Рейтинговые книги
Читем онлайн С Лазурного Берега на Колыму. Русские художники-неоакадемики дома и в эмиграции - Борис Носик

Шрифт:

-
+

Интервал:

-
+

Закладка:

Сделать
1 ... 33 34 35 36 37 38 39 40 41 ... 83

Балетоманку поневоле, Зинаиду Серебрякову больше всего волнуют сами эти юные существа (иногда почти девочки, но иногда и молодые женщины), во всяком случае волнуют куда больше, чем музыка, сам танец, сцена, декорации, освещение и все театральные хитрости. Волнует ее, вероятно, сама атмосфера артистической уборной, запахи пудры, духов, усталости, пота… Конечно, всякому, кто смотрит на балетные пастели Серебряковой, на память с неизбежностью приходят знакомые, давно ею в Париже виденные «голубые танцовщицы» Эдгара Дега.

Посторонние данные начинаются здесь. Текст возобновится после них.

(* (Soundness) For every sequent $\Gamma\vdash\Delta$ of $\text{HXPath}_{\rm D}$: if $\Gamma\vdash\Delta$ is provable in $\mathbf{G}$ (written $\Gamma\vdash_{\mathbf G}\Delta$), then $\Gamma\vdash\Delta$ is valid.
   Context: Syntax of $\text{HXPath}_{\rm D}$: fix pairwise disjoint sets $\mathsf{Prop}$ (propositions, countably infinite), $\mathsf{Nom}$ (nominals, countably infinite), $\mathsf{Mod}$ (modalities, finite), $\mathsf{Cmp}$ (comparisons, finite). Path expressions $\alpha,\beta ::= \mathsf{a} \mid i{:} \mid \varphi? \mid \alpha\beta$ and node expressions $\varphi,\psi ::= p \mid i \mid \bot \mid \varphi\to\psi \mid @_i\varphi \mid \langle \mathsf{a}\rangle\varphi \mid \langle\alpha =_{\mathsf{c}} \beta\rangle \mid \langle \alpha\neq_{\mathsf{c}}\beta\rangle$, with $p\in\mathsf{Prop}$, $i\in\mathsf{Nom}$, $\mathsf{a}\in\mathsf{Mod}$, $\mathsf{c}\in\mathsf{Cmp}$. Abbreviations: $\top:=\bot\to\bot$, $\neg\varphi:=\varphi\to\bot$, $\varphi\lor\psi := \neg\varphi\to\psi$, $\varphi\land\psi:=\neg(\varphi\to\neg\psi)$, $\varphi\leftrightarrow\psi$ as usual; $\epsilon:=\top?$; $\langle j{:}\rangle\varphi := @_j\varphi$, $\langle\psi?\rangle\varphi:=\psi\land\varphi$, $\langle\alpha\beta\rangle\varphi:=\langle\alpha\rangle\langle\beta\rangle\varphi$, $[\alpha]\varphi:=\neg\langle\alpha\rangle\neg\varphi$. The symbol $\blacktriangle$ stands for either $=_{\mathsf{c}}$ or $\neq_{\mathsf{c}}$ (for some $\mathsf{c}$). Models: $\mathcal{M}=\langle N,\{R_{\mathsf a}\}_{\mathsf a\in\mathsf{Mod}},\{\approx_{\mathsf c}\}_{\mathsf c\in\mathsf{Cmp}},g,V\rangle$ with $N\neq\emptyset$, each $R_{\mathsf a}\subseteq N\times N$, each $\approx_{\mathsf c}$ an equivalence relation on $N$, $g:\mathsf{Nom}\to N$, $V:\mathsf{Prop}\to 2^N$. Semantics: $\mathcal M,n,n'\Vdash \mathsf a$ iff $nR_{\mathsf a}n'$; $\mathcal M,n,n'\Vdash i{:}$ iff $g(i)=n'$; $\mathcal M,n,n'\Vdash\varphi?$ iff $n=n'$ and $\mathcal M,n\Vdash\varphi$; $\mathcal M,n,n'\Vdash\alpha\beta$ iff there is $n''$ with $\mathcal M,n,n''\Vdash\alpha$ and $\mathcal M,n'',n'\Vdash\beta$; $\mathcal M,n\Vdash p$ iff $n\in V(p)$; $\mathcal M,n\Vdash i$ iff $g(i)=n$; $\bot$ never holds; $\to$ classical; $\mathcal M,n\Vdash @_i\varphi$ iff $\mathcal M,g(i)\Vdash\varphi$; $\mathcal M,n\Vdash\langle\mathsf a\rangle\varphi$ iff some $n'$ has $nR_{\mathsf a}n'$ and $\mathcal M,n'\Vdash\varphi$; $\mathcal M,n\Vdash\langle\alpha=_{\mathsf c}\beta\rangle$ (resp. $\langle\alpha\neq_{\mathsf c}\beta\rangle$) iff there are $n',n''$ with $\mathcal M,n,n'\Vdash\alpha$, $\mathcal M,n,n''\Vdash\beta$ and $n'\approx_{\mathsf c}n''$ (resp. $n'\not\approx_{\mathsf c}n''$). Sequents: a sequent $\Gamma\vdash\Delta$ consists of finite (possibly empty) sets $\Gamma,\Delta$ of node expressions each of the form $\langle i{:}\blacktriangle j{:}\rangle$ or $@_i\varphi$. It is valid iff for every model $\mathcal M$ and node $n$, if $\mathcal M,n\Vdash\gamma$ for all $\gamma\in\Gamma$ then $\mathcal M,n\Vdash\delta$ for some $\delta\in\Delta$. Notation ''$\varphi,\Gamma$'' means $\{\varphi\}\cup\Gamma$. The calculus $\mathbf{G}$ (each rule written premisses $\Rightarrow$ conclusion): (Ax) axiom $\varphi,\Gamma\vdash\Delta,\varphi$ where $\varphi$ is of the form $@_ip$, $@_ij$ or $\langle i{:}=_{\mathsf c}j{:}\rangle$; ($\bot$) axiom $@_i\bot,\Gamma\vdash\Delta$; ($\to$L) $\Gamma\vdash\Delta,@_i\varphi$ and $@_i\psi,\Gamma\vdash\Delta$ $\Rightarrow$ $@_i(\varphi\to\psi),\Gamma\vdash\Delta$; ($\to$R) $@_i\varphi,\Gamma\vdash\Delta,@_i\psi\Rightarrow\Gamma\vdash\Delta,@_i(\varphi\to\psi)$; ($@$T) $@_ii,\Gamma\vdash\Delta\Rightarrow\Gamma\vdash\Delta$; ($@5$) $@_jk,@_ij,@_ik,\Gamma\vdash\Delta\Rightarrow @_ij,@_ik,\Gamma\vdash\Delta$; (Nom) $@_ij,\Gamma\vdash\Delta\Rightarrow\Gamma\vdash\Delta$, $j$ not in the conclusion; (S$_1$) $@_j\varphi,@_ij,@_i\varphi,\Gamma\vdash\Delta\Rightarrow @_ij,@_i\varphi,\Gamma\vdash\Delta$, $\varphi$ of the form $p$, $\bot$ or $\langle\mathsf a\rangle k$; (S$_2$) $@_i\langle\mathsf a\rangle k,@_jk,@_i\langle\mathsf a\rangle j,\Gamma\vdash\Delta\Rightarrow @_jk,@_i\langle\mathsf a\rangle j,\Gamma\vdash\Delta$; (S$_3$) $\langle j{:}=_{\mathsf c}k{:}\rangle,@_ij,\langle i{:}=_{\mathsf c}k{:}\rangle,\Gamma\vdash\Delta\Rightarrow @_ij,\langle i{:}=_{\mathsf c}k{:}\rangle,\Gamma\vdash\Delta$; ($@$L) $@_i\varphi,\Gamma\vdash\Delta\Rightarrow @_j@_i\varphi,\Gamma\vdash\Delta$; ($@$R) $\Gamma\vdash\Delta,@_i\varphi\Rightarrow\Gamma\vdash\Delta,@_j@_i\varphi$; ($\langle\mathsf a\rangle$L) $@_i\langle\mathsf a\rangle j,@_j\varphi,\Gamma\vdash\Delta\Rightarrow @_i\langle\mathsf a\rangle\varphi,\Gamma\vdash\Delta$, $j$ not in the conclusion; ($\langle\mathsf a\rangle$R) $@_i\langle\mathsf a\rangle j,\Gamma\vdash\Delta,@_i\langle\mathsf a\rangle\varphi,@_j\varphi\Rightarrow @_i\langle\mathsf a\rangle j,\Gamma\vdash\Delta,@_i\langle\mathsf a\rangle\varphi$; ($\langle\blacktriangle\rangle$L) $@_i\langle\alpha\rangle j,@_i\langle\beta\rangle k,\langle j{:}\blacktriangle k{:}\rangle,\Gamma\vdash\Delta\Rightarrow @_i\langle\alpha\blacktriangle\beta\rangle,\Gamma\vdash\Delta$, $j,k$ distinct and not in the conclusion; ($\langle\blacktriangle\rangle$R) $@_i\langle\alpha\rangle j,@_i\langle\beta\rangle k,\Gamma\vdash\Delta,@_i\langle\alpha\blacktriangle\beta\rangle,\langle j{:}\blacktriangle k{:}\rangle\Rightarrow @_i\langle\alpha\rangle j,@_i\langle\beta\rangle k,\Gamma\vdash\Delta,@_i\langle\alpha\blacktriangle\beta\rangle$; (EqT) $\langle i{:}=_{\mathsf c}i{:}\rangle,\Gamma\vdash\Delta\Rightarrow\Gamma\vdash\Delta$; (Eq5) $\langle j{:}=_{\mathsf c}k{:}\rangle,\langle i{:}=_{\mathsf c}j{:}\rangle,\langle i{:}=_{\mathsf c}k{:}\rangle,\Gamma\vdash\Delta\Rightarrow\langle i{:}=_{\mathsf c}j{:}\rangle,\langle i{:}=_{\mathsf c}k{:}\rangle,\Gamma\vdash\Delta$; (NEqL) $\Gamma\vdash\Delta,\langle i{:}=_{\mathsf c}j{:}\rangle\Rightarrow\langle i{:}\neq_{\mathsf c}j{:}\rangle,\Gamma\vdash\Delta$; (NEqR) $\langle i{:}=_{\mathsf c}j{:}\rangle,\Gamma\vdash\Delta\Rightarrow\Gamma\vdash\Delta,\langle i{:}\neq_{\mathsf c}j{:}\rangle$; (Cut) $\Gamma\vdash\Delta,\varphi$ and $\varphi,\Gamma'\vdash\Delta'\Rightarrow\Gamma,\Gamma'\vdash\Delta,\Delta'$; (WL) $\Gamma\vdash\Delta\Rightarrow\varphi,\Gamma\vdash\Delta$; (WR) $\Gamma\vdash\Delta\Rightarrow\Gamma\vdash\Delta,\varphi$. Here $@_i\langle\alpha\rangle j$ for a path $\alpha$ is understood via the abbreviations above. A derivation is a finite tree of sequents in which each non-leaf node is the conclusion of an instance of a rule of $\mathbf G$ whose premisses are its children. A sequent is provable in $\mathbf G$ if it is the root of a derivation all of whose leaves are instances of (Ax) or ($\bot$). *)

From Stdlib Require Import List.
Import ListNotations.
Set Implicit Arguments.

Пожалуй что в прекрасных «голубых» пастелях Зинаиды Серебряковой меньше игры, но больше эротической истомы, чем на холстах Дега. Современный искусствовед А. Амшинская объясняет отличие «балетных картин» Серебряковой от картин Дега несравненными особенностями русского балета (этим аргументом, вероятно, можно было бы сразить даже коменданта Мариинки Быкова, не хотевшего пускать Зинаиду за кулисы):

«При явной перекличке с Дега, Серебрякова в изображении сцен балета идет своей дорогой. В образе балерин ощущается свойство русского балета с его поэтической человечностью и одухотворенной техникой исполнительства».

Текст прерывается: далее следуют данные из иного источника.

Lemma sumcfg_plus p vs z f g :
  sumcfg p vs z (fun w => f w + g w) = sumcfg p vs z f + sumcfg p vs z g.
Proof.
  revert z; induction vs as [|[t i] vs IH]; intros z; simpl; auto.
  rewrite !IH; ring.
Qed.

Lemma sumcfg_scal p vs z c f :
  sumcfg p vs z (fun w => c * f w) = c * sumcfg p vs z f.
Proof.
  revert z; induction vs as [|[t i] vs IH]; intros z; simpl; auto.
  rewrite !IH; ring.
Qed.

Lemma sumcfg_factor p vs z g h :
  (forall w t i b, In (t, i) vs -> g (upd w t i b) = g w) ->
  sumcfg p vs z (fun w => g w * h w) = g z * sumcfg p vs z h.
Proof.
  revert z; induction vs as [|[t i] vs IH]; intros z H; simpl; auto.
  rewrite !IH by (intros; apply H; simpl; auto).
  rewrite !H by (simpl; auto). ring.
Qed.

Lemma sumcfg_unused p vs z f :
  (forall w t i b, In (t, i) vs -> f (upd w t i b) = f w) ->
  sumcfg p vs z f = f z.
Proof.
  revert z; induction vs as [|[t i] vs IH]; intros z H; simpl; auto.
  rewrite !IH by (intros; apply H; simpl; auto).
  rewrite !H by (simpl; auto). ring.
Qed.

Lemma sumcfg_le p vs z f g :
  (forall v, In v vs -> 0 <= p (snd v) <= 1) ->
  (forall w, f w <= g w) -> sumcfg p vs z f <= sumcfg p vs z g.
Proof.
  revert z; induction vs as [|[t i] vs IH]; intros z Hp H; simpl; auto.
  assert (Hi := Hp (t, i) (or_introl eq_refl)); simpl in Hi.
  assert (A1 := IH (upd z t i true) (fun v Hv => Hp v (or_intror Hv)) H).
  assert (A2 := IH (upd z t i false) (fun v Hv => Hp v (or_intror Hv)) H).
  apply Rplus_le_compat; apply Rmult_le_compat_l; lra.
Qed.

Lemma upd_same w t i b : upd w t i b t i = b.
Proof. unfold upd. rewrite !Nat.eqb_refl. reflexivity. Qed.

Lemma upd_other w t i b t' i' : (t', i') <> (t, i) -> upd w t i b t' i' = w t' i'.
Proof.
  intros H. unfold upd.
  destruct (Nat.eqb_spec t' t); destruct (Nat.eqb_spec i' i); subst; simpl; auto.
  congruence.
Qed.

Lemma sumcfg_cond_var p vs z a b F G :
  ~ In (a, b) vs ->
  sumcfg p vs z (fun w => if w a b then F w else G w) =
  if z a b then sumcfg p vs z F else sumcfg p vs z G.
Proof.
  revert z; induction vs as [|[t i] vs IH]; intros z Hn; simpl; auto.
  rewrite !IH by (intro; apply Hn; simpl; auto).
  rewrite !upd_other by (intro E; inversion E; subst; apply Hn; simpl; auto).
  destruct (z a b); reflexivity.
Qed.

Definition allTrue (vs : list (nat * nat)) (w : config) : R :=
  if forallb (fun v => w (fst v) (snd v)) vs then 1 else 0.

Fixpoint prodR (s : list R) : R := match s with [] => 1 | a :: s' => a * prodR s' end.

Lemma prodR_app s s' : prodR (s ++ s') = prodR s * prodR s'.
Proof. induction s as [|u s IH]; simpl; [ring | rewrite IH; ring]. Qed.

Lemma sumcfg_allTrue p vs z g : NoDup vs ->
  (forall w t i b, In (t, i) vs -> g (upd w t i b) = g w) ->
  sumcfg p vs z (fun w => g w * allTrue vs w) =
  g z * prodR (map (fun v => 1 - p (snd v)) vs).
Proof.
  revert z g; induction vs as [|[t i] vs IH]; intros z g ND H.
  - simpl. unfold allTrue. simpl. ring.
  - inversion ND as [|? ? Hn ND']; subst. simpl sumcfg.
    assert (E : forall z', sumcfg p vs z' (fun w => g w * allTrue ((t, i) :: vs) w) =
                 sumcfg p vs z' (fun w => (g w * (if w t i then 1 else 0)) * allTrue vs w)).
    { intros z'. apply sumcfg_ext. intros w. unfold allTrue. simpl.
      destruct (w t i); simpl; ring. }
    assert (Hg : forall w t' i' b, In (t', i') vs ->
              g (upd w t' i' b) * (if upd w t' i' b t i then 1 else 0) =
              g w * (if w t i then 1 else 0)).
    { intros w t' i' b Hin. rewrite H by (simpl; auto).
      rewrite upd_other; auto. intros Heq; inversion Heq; subst; auto. }
    rewrite !E, !IH by auto.
    rewrite !upd_same, !H by (simpl; auto). simpl. ring.
Qed.

Definition shift (z : config) : config := fun t i => z (S t) i.
Definition shup (v : nat * nat) := (S (fst v), snd v).

Lemma sumcfg_shift p vs z H :
  sumcfg p (map shup vs) z (fun w => H (shift w)) = sumcfg p vs (shift z) H.
Proof.
  revert z; induction vs as [|[t i] vs IH]; intros z; simpl; auto.
  rewrite !IH. reflexivity.
Qed.

Definition layer (l t : nat) := map (fun i => (t, i)) (seq 1 l).
Definition block (l a b : nat) := flat_map (fun t => layer l t) (seq (S a) b).

Lemma in_layer l t0 t i : In (t, i) (layer l t0) <-> (t = t0 /\ (1 <= i <= l)%nat).
Proof.
  unfold layer. rewrite in_map_iff. split.
  - intros [i' [E H]]; inversion E; subst. apply in_seq in H; lia.
  - intros [-> H]. exists i; split; auto. apply in_seq; lia.
Qed.

Lemma in_block l a b t i : In (t, i) (block l a b) <-> ((a < t <= a + b)%nat /\ (1 <= i <= l)%nat).
Proof.
  unfold block. rewrite in_flat_map. split.
  - intros [t' [H1 H2]]. apply in_layer in H2. apply in_seq in H1. lia.
  - intros [H1 H2]. exists t. split. apply in_seq; lia. apply in_layer; auto.
Qed.

Lemma in_vars l m t i : In (t, i) (vars l m) <-> ((1 <= t <= m)%nat /\ (1 <= i <= l)%nat).
Proof.
  unfold vars. rewrite in_flat_map. split.
  - intros [t' [H1 H2]]. apply in_map_iff in H2. destruct H2 as [i' [E H3]].
    inversion E; subst. apply in_seq in H1; apply in_seq in H3. lia.
  - intros [H1 H2]. exists t. split. apply in_seq; lia.
    apply in_map_iff. exists i. split; auto. apply in_seq; lia.
Qed.

Lemma vars_add l a b : vars l (a + b) = vars l a ++ block l a b.
Proof. unfold vars, block. rewrite seq_app, flat_map_app. reflexivity. Qed.

Lemma vars_S_last l m : vars l (S m) = vars l m ++ layer l (S m).
Proof.
  unfold vars. rewrite seq_S, flat_map_app. simpl. rewrite app_nil_r. reflexivity.
Qed.

Lemma vars_S_first l m : vars l (S m) = layer l 1 ++ map shup (vars l m).
Proof.
  unfold vars. change (seq 1 (S m)) with (1%nat :: seq 2 m).
  rewrite <- (seq_shift m 1). cbn [flat_map]. f_equal.
  induction (seq 1 m) as [|t s IH]; simpl; auto.
  rewrite IH, map_app, map_map. reflexivity.
Qed.

Lemma NoDup_block l a b : NoDup (block l a b).
Proof.
  unfold block. generalize (seq_NoDup b (S a)). generalize (seq (S a) b) as s.
  induction s as [|t s IH]; intros ND; simpl. constructor.
  inversion ND; subst. apply NoDup_app.
  - unfold layer. apply NoDup_map_inv with (f := snd). rewrite map_map. simpl.
    rewrite map_id. apply seq_NoDup.
  - apply IH; auto.
  - intros [t0 i0] Ha Hb. apply in_layer in Ha. destruct Ha as [-> _].
    apply in_flat_map in Hb. destruct Hb as [t'' [H3 H4]].
    apply in_layer in H4. destruct H4; subst; auto.
Qed.

Definition qAll (l : nat) (p : nat -> R) := prodR (map (fun i => 1 - p i) (seq 1 l)).

Lemma prod_block l p a b : prodR (map (fun v => 1 - p (snd v)) (block l a b)) = qAll l p ^ b.
Proof.
  unfold block. revert a; induction b as [|b IH]; intros a; simpl; auto.
  rewrite map_app, prodR_app, IH. unfold layer, qAll. rewrite map_map. reflexivity.
Qed.

(* Admissible erasure probabilities, as in the theorem, and the weaker
   condition under which [Em] is a positive functional. *)
Definition erasure_probs (l : nat) (p : nat -> R) :=
  forall i, (1 <= i <= l)%nat -> 0 <= p i < 1.
Definition probs_ok (l : nat) (p : nat -> R) :=
  forall i, (1 <= i <= l)%nat -> 0 <= p i <= 1.

Lemma erasure_probs_ok l p : erasure_probs l p -> probs_ok l p.
Proof. intros H i Hi. specialize (H i Hi). lra. Qed.

Lemma qAll_bounds l p : erasure_probs l p -> 0 < qAll l p <= 1.
Proof.
  intros H. unfold qAll. assert (Hs : forall i, In i (seq 1 l) -> 0 <= p i < 1)
    by (intros i Hi; apply in_seq in Hi; apply H; lia).
  clear H. induction (seq 1 l) as [|i s IH]; simpl. lra.
  assert (A := Hs i (or_introl eq_refl)).
  destruct (IH (fun j Hj => Hs j (or_intror Hj))).
  split. apply Rmult_lt_0_compat; lra. nra.
Qed.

Та же Амшинская отмечает, что все портреты, написанные Серебряковой в 10-е и 20-е годы, отмечены рафинированностью, следами стилизации, интимностью и налетом тихой задумчивости, что «“необходимым составляющим портретов Серебряковой” являлось душевное созвучие художницы с моделью». Последнего, по мнению искусствоведки, Серебряковой труднее станет добиваться позднее, в неродной Франции. Не спеша согласиться с искусствоведкой, можно напомнить, что еще и в Петрограде контакт с «чужим человеком», ей позирующим, давался художнице нелегко. Впрочем, ведь и в России и за рубежом Серебрякова много писала не «чужих», а совсем своих — милых родственниц, милых детей, подруг и даже мужчин, чаще всего людей близких по интересам, по духу, а может, и и «по проблемам» — Сергея Эрнста, Дмитрия Бушена, Константина Сомова… И при этом, с неизбежностью, снова и снова писала «себя саму», автопортреты…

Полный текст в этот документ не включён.